[[ Extracted data open ]]

Lemma sstar_lin_functional s : lin_functional (@sstar R Gamma s).
Proof.
move=> c phi psi chi chiE; rewrite /sstar.
have [r1 _ phi_r1] := supp_seqP phi; have [r2 _ psi_r2] := supp_seqP psi.
pose r := undup (r1 ++ r2).
have r_uniq : uniq r := undup_uniq _.
have phi_r (a : {classic Gamma}) : sval phi a != 0 -> a \in r.
  by rewrite mem_undup mem_cat => /phi_r1 ->.
have psi_r (a : {classic Gamma}) : sval psi a != 0 -> a \in r.
  by rewrite mem_undup mem_cat orbC => /psi_r2 ->.
have chi_r (a : {classic Gamma}) : sval chi a != 0 -> a \in r.
  rewrite chiE; have [phia0|/phi_r//] := eqVneq (sval phi a) 0.
  by rewrite phia0 mulr0 add0r => /psi_r.
rewrite (ssumE s r_uniq phi_r) (ssumE s r_uniq psi_r) (ssumE s r_uniq chi_r).
rewrite mulr_sumr -big_split /=; apply: eq_bigr => a _.
by case: ifP => _; rewrite ?chiE ?mulr0 ?addr0.
Qed.

Lemma sum_sqr_ssum_le phi (r : seq {classic Gamma}) n (s : 'I_n -> set Gamma) :
  uniq r -> (forall a : {classic Gamma}, sval phi a != 0 -> a \in r) ->
  (forall i j, i != j -> s i `&` s j = set0) ->
  \sum_i ssum (s i) phi ^+ 2 <= (\sum_(a <- r) `|sval phi a|) ^+ 2.
Proof.
move=> r_uniq supp_r s_disj.
pose b i := \sum_(a <- r) (if a \in (s i : set {classic Gamma}) then `|sval phi a| else 0).
have b_ge0 i : 0 <= b i by apply: sumr_ge0 => a _; case: ifP.
have ssum_le i : ssum (s i) phi ^+ 2 <= b i ^+ 2.
  rewrite -real_normK ?num_real // lerXn2r ?nnegrE ?normr_ge0 //.
  rewrite (ssumE _ r_uniq supp_r); apply: le_trans (ler_norm_sum _ _ _) _.
  by apply: ler_sum => a _; case: ifP => _; rewrite ?normr0.
apply: le_trans (ler_sum _ (fun i _ => ssum_le i)) _.
apply: le_trans (sum_sqr_le_sqr_sum b_ge0) _.
rewrite lerXn2r ?nnegrE ?sumr_ge0 //.
rewrite /b exchange_big /=; apply: ler_sum => a _.
have [[i ai]|a_out] := pselect (exists i, a \in (s i : set {classic Gamma})).
  rewrite (bigD1 i) //= ai big1 ?addr0 // => j ji; case: ifP => // aj.
  have : (s i `&` s j) a by split; apply/set_mem.
  by rewrite s_disj // eq_sym.
by rewrite big1 ?normr_ge0 // => i _; case: ifP => // ai; case: a_out; exists i.
Qed.

Definition disj_sqsums phi : set R := [set x | exists n (s : 'I_n -> set Gamma),
  disj_family S s /\ x = \sum_(i < n) ssum (s i) phi ^+ 2].

Lemma JSnormE phi : JSnorm S phi = Num.sqrt (sup (disj_sqsums phi)).
Proof. by []. Qed.

Lemma disj_family0 : disj_family S (fun i : 'I_0 => set0).
Proof. by split; case. Qed.

Lemma disj_sqsums0 phi : disj_sqsums phi 0.
Proof. by exists 0%N, (fun=> set0); rewrite big_ord0; split => //; exact: disj_family0. Qed.

Lemma disj_sqsums_has_sup phi : has_sup (disj_sqsums phi).
Proof.
split; first by exists 0; exact: disj_sqsums0.
have [r r_uniq supp_r] := supp_seqP phi.
exists ((\sum_(a <- r) `|sval phi a|) ^+ 2) => _ [n [s [[_ s_disj] ->]]].
exact: sum_sqr_ssum_le.
Qed.

Lemma sqrt_sum_sqr_ssum_le_JSnorm phi n (s : 'I_n -> set Gamma) : disj_family S s ->
  Num.sqrt (\sum_i ssum (s i) phi ^+ 2) <= JSnorm S phi.
Proof.
move=> s_disj; rewrite JSnormE ler_sqrt; last first.
  exact: le_trans (sup_upper_bound (disj_sqsums_has_sup phi) (disj_sqsums0 phi)).
by apply: sup_upper_bound; [exact: disj_sqsums_has_sup | exists n, s].
Qed.

Lemma Dset0 : D (fun=> 0).
Proof.
exists 0%N, (fun=> 0), (fun=> set0); split; first exact: disj_family0.
  by rewrite big_ord0.
by apply: funext => phi; rewrite big_ord0.
Qed.
Section ProxGradientExtrapolation.
Variables (R : realType) (n : nat) (g : 'rV[R]_n -> \bar R) (f1 f2 : 'rV[R]_n -> R)
  (G1 G2 : 'rV[R]_n -> 'rV[R]_n) (L l : R) (beta : nat -> R) (x : nat -> 'rV[R]_n).
Hypotheses (g_gtNy : forall z, (-oo < g z)%E) (g_cl : closed_fun g) (g_cvx : convex_efun g).
Hypotheses (f1_cvx : convex_fun f1) (f2_cvx : convex_fun f2).
Hypotheses (f1G : is_gradient f1 G1) (f2G : is_gradient f2 G2).
Hypotheses (L_gt0 : 0 < L) (l_ge0 : 0 <= l).
Hypotheses (G1L : lipschitz_with G1 L) (G2l : lipschitz_with G2 l).
Hypothesis F_min :
  exists xs, forall z, ((f1 xs - f2 xs)%:E + g xs <= (f1 z - f2 z)%:E + g z)%E.
Hypothesis x0_dom : x 0%N \in edom g.
Hypothesis beta_bnd : forall k, 0 <= beta k <= Num.sqrt (L / (L + l)).
Hypothesis beta_sup : sup (range beta) < Num.sqrt (L / (L + l)).

Let Ll_gt0 : 0 < L + l := ltr_wpDr l_ge0 L_gt0.

Let y k := x k + beta k *: (x k - x k.-1).

Hypothesis x_prox :
  forall k, is_prox L^-1 g (y k - L^-1 *: (G1 (y k) - G2 (y k))) (x k.+1).

Let Fx k := f1 (x k) - f2 (x k) + fine (g (x k)).
(* [0.-1 = 0] encodes [x^{-1} = x^0], hence [D 0 = 0]. *)
Let D k := dotv (x k - x k.-1) (x k - x k.-1).

Lemma iterates_fin_num k : g (x k) \is a fin_num.
Proof.
have x0lt : (g (x 0%N) < +oo)%E by move: x0_dom; rewrite inE.
have Li0 : 0 < L^-1 by rewrite invr_gt0.
case: k => [|k]; first exact: lty_fin_num.
exact (is_prox_fin_num g_gtNy Li0 x0lt (x_prox k)).
Qed.

Lemma iterates_step_le k :
  Fx k.+1 + L / 2 * D k.+1 <= Fx k + (L + l) / 2 * (beta k ^+ 2 * D k).
Proof.
exact: (prox_dc_step_le g_gtNy g_cvx f1_cvx f2_cvx f1G f2G L_gt0 l_ge0 G1L G2l
  (x_prox k) (iterates_fin_num k) (iterates_fin_num k.+1)).
Qed.

Lemma iterates_value_lb : exists m, forall k, m <= Fx k.
Proof.
have [xs xs_min] := F_min.
have gxs : g xs \is a fin_num.
  rewrite fin_numE -ltNye g_gtNy /=; apply: contraTneq (xs_min (x 0%N)) => gxsy.
  by rewrite gxsy addey // -(fineK (iterates_fin_num 0)) -EFinD leye_eq.
exists (f1 xs - f2 xs + fine (g xs)) => k; have := xs_min (x k).
by rewrite -(fineK gxs) -(fineK (iterates_fin_num k)) -!EFinD lee_fin.
Qed.

Lemma extrapolation_margin :
  exists2 del, 0 < del & forall k, (L + l) / 2 * beta k ^+ 2 <= L / 2 - del.
Proof.
set bb := sup (range beta).
have beta_le k : beta k <= bb.
  apply: ub_le_sup; last by exists k.
  by exists (Num.sqrt (L / (L + l))) => _ [j _ <-]; case/andP: (beta_bnd j).
have bb0 : 0 <= bb by apply: le_trans (beta_le 0%N); case/andP: (beta_bnd 0%N).
have bb2 : (L + l) * bb ^+ 2 < L.
  rewrite mulrC -ltr_pdivlMr // -(@sqr_sqrtr _ (L / (L + l))) ?divr_ge0 ?ltW //.
  by rewrite ltrXn2r ?nnegrE ?sqrtr_ge0.
exists ((L - (L + l) * bb ^+ 2) / 2); first by rewrite divr_gt0 // subr_gt0.
move=> k; have /andP[bk0 _] := beta_bnd k.
have : beta k ^+ 2 <= bb ^+ 2 by rewrite lerXn2r ?nnegrE ?beta_le.
rewrite -(ler_pM2l (_ : 0 < (L + l) / 2)) ?divr_gt0 //; lra.
Qed.

Lemma increments_sum_bounded : exists M, forall N, \sum_(0 <= k < N) D k <= M.
Proof.
have [m m_le] := iterates_value_lb; have [del del0 margin] := extrapolation_margin.
have D0 k : 0 <= D k by exact: dotvv_ge0.
have L2 : 0 <= L / 2 by rewrite divr_ge0 ?ltW.
pose H k := Fx k + L / 2 * D k.
exists ((H 0%N - m) / del); apply: sum_le_of_decrease del0 _ _ => k.
  by rewrite /H; have := m_le k; have := mulr_ge0 L2 (D0 k); lra.
have := iterates_step_le k; have := ler_wpM2r (D0 k) (margin k).
by rewrite /H; lra.
Qed.

Lemma increments_cvg0 : D @ \oo --> 0.
Proof.
have [M DM] := increments_sum_bounded.
exact: bounded_series_cvg0 (fun k => dotvv_ge0 _) DM.
Qed.

Lemma sq_increments_summable :
  (\sum_(0 <= k <oo) ((enorm (x k.+1 - x k)) ^+ 2)%:E < +oo)%E.
Proof.
have [M DM] := increments_sum_bounded.
apply: (nneseries_bounded_lty (M := M)) => [k|N]; first exact: sqr_ge0.
under eq_bigr do rewrite enorm_sqr.
apply: le_trans (DM N.+1); rewrite big_nat_recl //.
have -> : D 0%N = 0 by rewrite /D subrr dotv0l.
by rewrite add0r.
Qed.

Lemma beta_le1 k : beta k <= 1.
Proof.
have /andP[_ bk] := beta_bnd k; apply: le_trans bk _.
by rewrite -sqrtr1 ler_sqrt // ler_pdivrMr // mul1r lerDl.
Qed.

Lemma iterates_near xb : accum_point x xb -> forall eta, 0 < eta ->
  exists k, enorm (y k - xb) < eta /\ enorm (x k.+1 - xb) < eta.
Proof.
move=> acc eta eta0; have eta3 : 0 < eta / 3 by rewrite divr_gt0.
have /cvgrPdist_lt /(_ _ (exprn_gt0 2 eta3)) [N _ DN] := increments_cvg0.
have small k : (N <= k)%N -> enorm (x k - x k.-1) < eta / 3.
  move=> kN; apply: enorm_lt; first exact: ltW.
  by have := DN k kN; rewrite sub0r normrN ger0_norm ?dotvv_ge0.
have [k [kN xk]] := acc _ eta3 N.
have d0 := small k kN.
have d1 : enorm (x k.+1 - x k) < eta / 3 := small k.+1 (leqW kN).
have /andP[bk0 _] := beta_bnd k; have bk1 := beta_le1 k.
exists k; split.
  rewrite /y addrAC; apply: le_lt_trans (enormD _ _) _.
  by rewrite enormZ ger0_norm //; have := enorm_ge0 (x k - x k.-1); nra.
have -> : x k.+1 - xb = (x k.+1 - x k) + (x k - xb) by rewrite addrA subrK.
by apply: le_lt_trans (enormD _ _) _; lra.
Qed.

Lemma limit_quadratic_bound xb : accum_point x xb -> forall z, g z \is a fin_num ->
  (g xb <= (fine (g z) + dotv (G1 xb - G2 xb) (z - xb)
            + L / 2 * dotv (z - xb) (z - xb))%:E)%E.
Proof.
move=> acc z gz.
have [K K0 model] :=
  quadratic_model_le xb z (lipschitz_withB G1L G2l) (ltW Ll_gt0) (ltW L_gt0).
apply: closed_fun_le g_cl _ => e e0.
pose eta := Num.min 1 (e / (2 * K + 1)).
have K1 : 0 < 2 * K + 1 by lra.
have eta0 : 0 < eta by rewrite lt_min ltr01 divr_gt0.
have eta1 : eta <= 1 by rewrite ge_min lexx.
have etaK : eta * (2 * K + 1) <= e by rewrite -ler_pdivlMr // ge_min lexx orbT.
have [k [yk pk]] := iterates_near acc eta0.
exists (x k.+1); split; first by nra.
have := model (y k) (x k.+1) (ltW (lt_le_trans yk eta1)) (ltW (lt_le_trans pk eta1)).
move=> /= mdl.
have := prox_grad_le g_gtNy g_cvx L_gt0 (x_prox k) (iterates_fin_num k.+1) gz.
set V := G1 (y k) - G2 (y k) in mdl *.
have -> : dotv V (z - y k) = dotv V (z - x k.+1) + dotv V (x k.+1 - y k).
  by rewrite -dotvDr addrA subrK.
rewrite -(fineK (iterates_fin_num k.+1)) lee_fin => prox_le.
have L2 : 0 <= L / 2 by rewrite divr_ge0 ?ltW.
have := mulr_ge0 L2 (dotvv_ge0 (z - x k.+1)).
have : K * (enorm (y k - xb) + enorm (x k.+1 - xb)) <= K * (2 * eta).
  by apply: ler_wpM2l => //; lra.
lra.
Qed.

Lemma accum_point_stationary xb : accum_point x xb ->
  exists v, subdiff g xb v /\ G1 xb - G2 xb + v = 0.
Proof.
move=> acc; have bound := limit_quadratic_bound acc.
have gxb : g xb \is a fin_num.
  rewrite fin_numE -ltNye g_gtNy /=; apply: contraTneq (bound _ (iterates_fin_num 0)) => ->.
  by rewrite leye_eq.
exists (- (G1 xb - G2 xb)); split; last exact: subrr.
apply: (quadratic_bound_subdiff g_gtNy g_cvx (ltW L_gt0) gxb) => z gz.
by rewrite -lee_fin fineK // bound.
Qed.

End ProxGradientExtrapolation.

[[ Extracted data closed ]]

## Assigned task
Scan the entries above for the string "sstar", and copy every line where it turns up.

## Output
Lemma sstar_lin_functional s : lin_functional (@sstar R Gamma s).
move=> c phi psi chi chiE; rewrite /sstar.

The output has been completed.